Ferner heben die Autoren für Gemcitabin eine mildere toxische Eigenschaft hervor, weshalb sich dieses Mittel besonders für ältere Patienten eigne. Nebenwirkungen seien besser kontrollierbar. Die für die Chemotherapie gängigen Begleiterscheinungen wie Haarausfall, schwere Übelkeit und Erbrechen sowie Schleimhautentzündungen blieben bei Gemcitabin aus. Dass dies auch für den kombinierten Einsatz von Gemcitabin mit zielgerichteten Wirkstoffen wie Trastuzumab, Tyrosin-Kinase-Inhibitoren und anderen gelte, müsse sich über den weiteren Studienverlauf noch zeigen. Gegenüber Vergleichspräparaten ist Gemcitabin aufgrund guter Ansprechraten und Überlebensraten eindeutig überlegen bei Lebermetastasen eines Pankreaskarzinoms. Auch die Anwendung von Gemcitabin beim Gallenwegskarzinom zeigte gute Ergebnisse. Unerwünschte Nebenwirkungen wie Infektionen aufgrund einer Knochenmarksdepression und Blutungen sind eher selten. Die häufigste Form der unerwünschten Nebenwirkung ist die Knochenmarksdepression, die aber in den therapiefreien Intervallen schnell reversibel ist.

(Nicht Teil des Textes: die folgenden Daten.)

(* Let $\lambda=(\lambda_1,\dots,\lambda_l)$ and $\mu=(\mu_1,\dots,\mu_m)$ be decompositions of $n$ (all parts positive) with $\mu_m\le\lambda_l$. Then $$|P_{\lambda|\mu}|=2^{\mu_m(\lambda_l-\mu_m)}\,|\mathrm{GL}_{\mu_m}(\mathbb{F}_2)|\cdot|P_{\widetilde\lambda|\widetilde\mu}|,$$ where $\widetilde\lambda=(\lambda_1,\dots,\lambda_{l-1},\lambda_l-\mu_m)$ and $\widetilde\mu=(\mu_1,\dots,\mu_{m-1})$, both decompositions of $n-\mu_m$.
   Context: For a decomposition $\lambda=(\lambda_1,\dots,\lambda_l)$ of $N$ (zero parts are omitted; the empty decomposition is the decomposition of $0$, with $\mathrm{GL}_0$ and all associated groups trivial), $P_\lambda\le\mathrm{GL}_N(\mathbb{F}_2)$ is the standard parabolic subgroup of invertible block upper triangular matrices with diagonal blocks of sizes $\lambda_1,\dots,\lambda_l$ in this order. $P_\mu^t$ is the group of transposes of elements of $P_\mu$, and $P_{\lambda|\mu}=P_\lambda\cap P_\mu^t$ for decompositions $\lambda,\mu$ of the same $N$. *)

From mathcomp Require Import all_boot all_algebra all_fingroup.
Set Implicit Arguments. Unset Strict Implicit. Unset Printing Implicit Defensive.
Import GRing.Theory.
Local Open Scope ring_scope.

Definition decomposition (N : nat) (lam : seq nat) : bool :=
  all (fun x => 0 < x)%N lam && (sumn lam == N).

(* Block index (0-based) of the row/column index i for the decomposition lam:
   the number of blocks lying entirely before position i. *)
Definition blk (lam : seq nat) (i : nat) : nat :=
  count (fun k => sumn (take k.+1 lam) <= i)%N (iota 0 (size lam)).

Definition blockUT (lam : seq nat) (N : nat) (A : 'M['F_2]_N) : bool :=
  [forall i : 'I_N, forall j : 'I_N, (blk lam j < blk lam i)%N ==> (A i j == 0)].

Definition Parab (lam : seq nat) (N : nat) : {set 'M['F_2]_N} :=
  [set A : 'M['F_2]_N | (A \in unitmx) && blockUT lam A].

Definition ParabT (mu : seq nat) (N : nat) : {set 'M['F_2]_N} :=
  [set A^T | A in Parab mu N].

Definition Parab2 (lam mu : seq nat) (N : nat) : {set 'M['F_2]_N} :=
  Parab lam N :&: ParabT mu N.

Definition GLset (k : nat) : {set 'M['F_2]_k} := [set A : 'M['F_2]_k | A \in unitmx].

Definition lam_tilde (lam mu : seq nat) : seq nat :=
  filter (fun x => 0 < x)%N (rcons (take (size lam).-1 lam) (last 0 lam - last 0 mu))%N.

Definition mu_tilde (mu : seq nat) : seq nat := take (size mu).-1 mu.

From mathcomp Require Import all_boot all_algebra all_fingroup.
From mathcomp Require Import zify.
Set Implicit Arguments. Unset Strict Implicit. Unset Printing Implicit Defensive.
Import GRing.Theory.

(* Write lam = (lam', a + k) and mu = (mu', k).  The block conditions force an
   element of P_{lam|mu} to be block lower triangular [[M, 0], [(0 C), D]]
   with D in GL_k, M in P_{lam~|mu~} and C an arbitrary k x a matrix sitting
   under the last a columns; conversely every such matrix lies in P_{lam|mu}.
   Hence P_{lam|mu} is in bijection with P_{lam~|mu~} x GL_k x M_{k,a}(F_2). *)

Lemma blk_rcons s x i : blk (rcons s x) i = blk s i + (sumn s + x <= i).
Proof.
rewrite /blk size_rcons -addn1 iotaD count_cat /= add0n addn0.
congr (_ + _); last by rewrite take_oversize ?size_rcons // sumn_rcons.
apply: eq_in_count => k; rewrite mem_iota add0n => /andP[_ lt_k].
by rewrite -cats1 takel_cat.
Qed.

Lemma blk_rcons_lt s x i : i < sumn s + x -> blk (rcons s x) i = blk s i.
Proof. by move=> lt_i; rewrite blk_rcons leqNgt lt_i addn0. Qed.

Lemma blk_le_size s i : blk s i <= size s.
Proof. by rewrite /blk -{2}(size_iota 0 (size s)) count_size. Qed.

Lemma blk_sumn_le s i : sumn s <= i -> blk s i = size s.
Proof.
elim/last_ind: s => [|s x IHs]; first by rewrite /blk.
rewrite sumn_rcons size_rcons blk_rcons => le_i.
by rewrite le_i IHs ?addn1 //; apply: leq_trans le_i; apply: leq_addr.
Qed.

Lemma blk_lt_size s i : i < sumn s -> blk s i < size s.
Proof.
case/lastP: s => [//|s x]; rewrite sumn_rcons size_rcons => lt_i.
by rewrite blk_rcons_lt // ltnS blk_le_size.
Qed.

Lemma blk_lt_sumn s i j : i < sumn s <= j -> blk s i < blk s j.
Proof. by case/andP=> lt_i le_j; rewrite (blk_sumn_le le_j) blk_lt_size. Qed.

Local Open Scope ring_scope.

Lemma mem_ParabT mu N (A : 'M['F_2]_N) : (A \in ParabT mu N) = (A^T \in Parab mu N).
Proof.
apply/imsetP/idP => [[B PB ->]|PA]; first by rewrite trmxK.
by exists A^T; rewrite ?trmxK.
Qed.

Lemma Parab2P lam mu N (A : 'M['F_2]_N) :
  reflect [/\ A \in unitmx,
              forall i j : 'I_N, (blk lam j < blk lam i)%N -> A i j = 0
            & forall i j : 'I_N, (blk mu i < blk mu j)%N -> A i j = 0]
          (A \in Parab2 lam mu N).
Proof.
rewrite inE mem_ParabT !inE unitmx_tr /blockUT.
apply: (iffP idP) => [|[uA lamA muA]].
  case/andP=> /andP[-> /forallP lamA] /andP[_ /forallP muA]; split=> // i j lt_ij.
    by have /forallP/(_ j)/implyP/(_ lt_ij)/eqP := lamA i.
  by have /forallP/(_ i)/implyP/(_ lt_ij)/eqP := muA j; rewrite mxE.
rewrite uA; apply/andP; split; apply/forallP => i; apply/forallP => j.
  by apply/implyP => /lamA ->.
by apply/implyP => /muA; rewrite mxE => ->.
Qed.

Lemma eq_Parab2l lam1 lam2 mu N :
  (forall i, (i < N)%N -> blk lam1 i = blk lam2 i) ->
  Parab2 lam1 mu N = Parab2 lam2 mu N.
Proof.
move=> eq_blk; apply/setP => A.
apply/Parab2P/Parab2P => -[uA lamA muA]; split=> // i j.
  by rewrite -!eq_blk //; apply: lamA.
by rewrite !eq_blk //; apply: lamA.
Qed.

Section LowerBlock.

Variables (R : nzRingType) (p a k : nat).

Definition lblock_mx (x : 'M[R]_(p + a) * 'M[R]_k * 'M[R]_(k, a)) :
    'M[R]_(p + a + k) :=
  block_mx x.1.1 0 (row_mx 0 x.2) x.1.2.

Lemma lblock_mx_inj : injective lblock_mx.
Proof.
by move=> [[M1 D1] C1] [[M2 D2] C2] /eq_block_mx[/= -> _ /eq_row_mx[_ ->] ->].
Qed.

End LowerBlock.
Arguments lblock_mx {R p a k}.

Lemma unitmx_lblock (R : comUnitRingType) p a k x :
  (@lblock_mx R p a k x \in unitmx) = (x.1.1 \in unitmx) && (x.1.2 \in unitmx).
Proof. by rewrite unitmxE det_lblock unitrM -!unitmxE. Qed.

Section ParabolicRcons.

Variables (lam mu : seq nat) (a k : nat).
Hypothesis sumn_mu : sumn mu = (sumn lam + a)%N.

(* Indices past [sumn lam] all lie in block [size lam], so
   [Parab2 lam mu (sumn lam + a)] is P_{lam~|mu~} with lam~ = (lam, a). *)

Local Notation N := (sumn lam + a + k)%N.
Local Notation lam_ext := (rcons lam (a + k)).
Local Notation mu_ext := (rcons mu k).

Lemma blk_lam_ext (i : 'I_N) : blk lam_ext i = blk lam i.
Proof. by rewrite blk_rcons_lt // addnA. Qed.

Lemma blk_mu_ext (i : 'I_N) : blk mu_ext i = blk mu i.
Proof. by rewrite blk_rcons_lt // sumn_mu. Qed.

Lemma lblock_mx_Parab2 x :
  x.1.1 \in Parab2 lam mu (sumn lam + a) -> x.1.2 \in GLset k ->
  lblock_mx x \in Parab2 lam_ext mu_ext N.
Proof.
move=> /Parab2P[uM lamM muM]; rewrite inE => uD.
apply/Parab2P; split; first by rewrite unitmx_lblock uM.
- move=> i j; rewrite !blk_lam_ext -(splitK i) -(splitK j).
  case: (split i) => [i1|i2]; case: (split j) => [j1|j2] /=.
  + by rewrite block_mxEul; apply: lamM.
  + by rewrite block_mxEur mxE.
  + rewrite block_mxEdl -(splitK j1); case: (split j1) => [j3|j4] /=.
      by rewrite row_mxEl mxE.
    by rewrite !blk_sumn_le ?ltnn //; lia.
  + by rewrite !blk_sumn_le ?ltnn //; lia.
- move=> i j; rewrite !blk_mu_ext -(splitK i) -(splitK j).
  case: (split i) => [i1|i2]; case: (split j) => [j1|j2] /=.
  + by rewrite block_mxEul; apply: muM.
  + by rewrite block_mxEur mxE.
  + by rewrite blk_sumn_le ?sumn_mu ?leq_addr // ltnNge blk_le_size.
  + by rewrite blk_sumn_le ?sumn_mu ?leq_addr // ltnNge blk_le_size.
Qed.

Lemma Parab2_lblock_mx A : A \in Parab2 lam_ext mu_ext N ->
  exists2 x, x \in setX (setX (Parab2 lam mu (sumn lam + a)) (GLset k)) setT
           & A = lblock_mx x.
Proof.
move=> /Parab2P[uA lamA muA].
have ur0 : ursubmx A = 0.
  apply/matrixP => i j; rewrite !mxE; apply: muA; rewrite !blk_mu_ext /=.
  by apply: blk_lt_sumn; rewrite sumn_mu ltn_ord leq_addr.
have dl0 : lsubmx (dlsubmx A) = 0.
  apply/matrixP => i j; rewrite !mxE; apply: lamA; rewrite !blk_lam_ext /=.
  by apply: blk_lt_sumn; rewrite ltn_ord -addnA leq_addr.
have defA : A = lblock_mx (ulsubmx A, drsubmx A, rsubmx (dlsubmx A)).
  by rewrite /lblock_mx /= -ur0 -dl0 hsubmxK submxK.
exists (ulsubmx A, drsubmx A, rsubmx (dlsubmx A)) => //.
move: uA; rewrite {1}defA unitmx_lblock => /andP[/= uM uD].
rewrite !in_setX in_setT [_ \in GLset _]inE uD !andbT.
apply/Parab2P; split=> // i j lt_ij; rewrite !mxE.
  by apply: lamA; rewrite !blk_lam_ext.
by apply: muA; rewrite !blk_mu_ext.
Qed.

Lemma card_Parab2_rcons :
  #|Parab2 lam_ext mu_ext N| =
    (2 ^ (k * a) * #|GLset k| * #|Parab2 lam mu (sumn lam + a)|)%N.
Proof.
have -> : Parab2 lam_ext mu_ext N =
    lblock_mx @: setX (setX (Parab2 lam mu (sumn lam + a)) (GLset k)) setT.
  apply/setP => A; apply/idP/imsetP; first exact: Parab2_lblock_mx.
  by case=> -[[M D] C] /setXP[/setXP[PM GD] _] ->; apply: lblock_mx_Parab2.
rewrite card_imset; last exact: lblock_mx_inj.
rewrite !cardsX cardsT card_mx card_Fp //.
by rewrite mulnC [(#|Parab2 _ _ _| * _)%N]mulnC mulnA.
Qed.

End ParabolicRcons.

Lemma mu_tilde_rcons mu k : mu_tilde (rcons mu k) = mu.
Proof. by rewrite /mu_tilde size_rcons /= -cats1 take_size_cat. Qed.

Lemma blk_lam_tilde lam mu a k : all (fun y => 0 < y)%N lam ->
  forall i, (i < sumn lam + a)%N ->
  blk (lam_tilde (rcons lam (a + k)) (rcons mu k)) i = blk lam i.
Proof.
move=> pos_lam i lt_i; rewrite /lam_tilde !last_rcons addnK size_rcons /=.
rewrite -[rcons lam _]cats1 take_size_cat // filter_rcons (all_filterP pos_lam).
by case: ifP => // _; apply: blk_rcons_lt.
Qed.

Theorem proposition1 (n : nat) (lam mu : seq nat) :
  decomposition n lam -> decomposition n mu ->
  lam != [::] -> mu != [::] ->
  (last 0 mu <= last 0 lam)%N ->
  #|Parab2 lam mu n| =
    (2 ^ (last 0 mu * (last 0 lam - last 0 mu)) * #|GLset (last 0 mu)|
     * #|Parab2 (lam_tilde lam mu) (mu_tilde mu) (n - last 0 mu)|)%N.
Proof.
case/lastP: lam => // lam x; case/lastP: mu => // mu k.
move=> /andP[pos_lam /eqP <-] /andP[_ /eqP sum_mu] _ _.
rewrite !last_rcons all_rcons in pos_lam * => le_kx.
case/andP: pos_lam => _ pos_lam.
have [a def_x] : exists a, x = (a + k)%N by exists (x - k)%N; rewrite subnK.
rewrite mu_tilde_rcons def_x sumn_rcons addnK addnA addnK.
rewrite (eq_Parab2l _ (blk_lam_tilde _ _ pos_lam)) card_Parab2_rcons //.
by move: sum_mu; rewrite !sumn_rcons def_x; lia.
Qed.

Gemcitabin in höheren Dosen: Systemische Nebenwirkungen fallen geringer aus

Die Studie der Forschungsgruppe um Professor Vogl demonstriert, dass höhere Dosen als die in vorherigen Studien empfohlenen 1.000

mg/m2 wiederholt intraarteriell verabreicht werden können und gut verträglich sind. Die Studie hebt hervor, dass bei der Chemoembolisation eine erhöhte Verabreichungsmenge vergleichbare Verträglichkeit aufweist wie bei Chemoperfusion. Die Ergebnisse lassen vermuten, dass die langsamere, sequenzielle Verabreichung von Gemcitabin systemische Nebenwirkungen geringer ausfallen und erst dann auftreten lässt, wenn eine höhere Dosis verabreicht wurde. Dass die Chemoembolisation Vorzüge gegenüber der Chemoperfusion aufweist, liegt offenbar an der längeren Verweildauer zytostatischer Elemente von Gemcitabin in der betroffenen Organregion. Eine durchschnittliche Überlebensrate von 20,2 Monaten für Patienten, die mit Chemoembolisaten behandelt wurden, liegt damit etwas über den Werten, die von anderen Forschungsgruppen in vorangegangenen Studien ermittelt wurden. "Angesichts des schwerwiegenden Krankheitszustands der hier untersuchten Patienten ist ein Therapieansatz vorzuziehen, der den Krankheitsverlauf möglichst lange stabil hält und dadurch die Lebensqualität des Patienten anhebt", erklärt Professor Vogl den Effekt des untersuchten Therapieansatzes. Denn dies sei weiterführender als "temporär eine Verbesserung der tumorspezifischen Symptomatik herbeizuführen, ohne dass dies aber zur Lebensverlängerung des Patienten führt", so Vogl weiter.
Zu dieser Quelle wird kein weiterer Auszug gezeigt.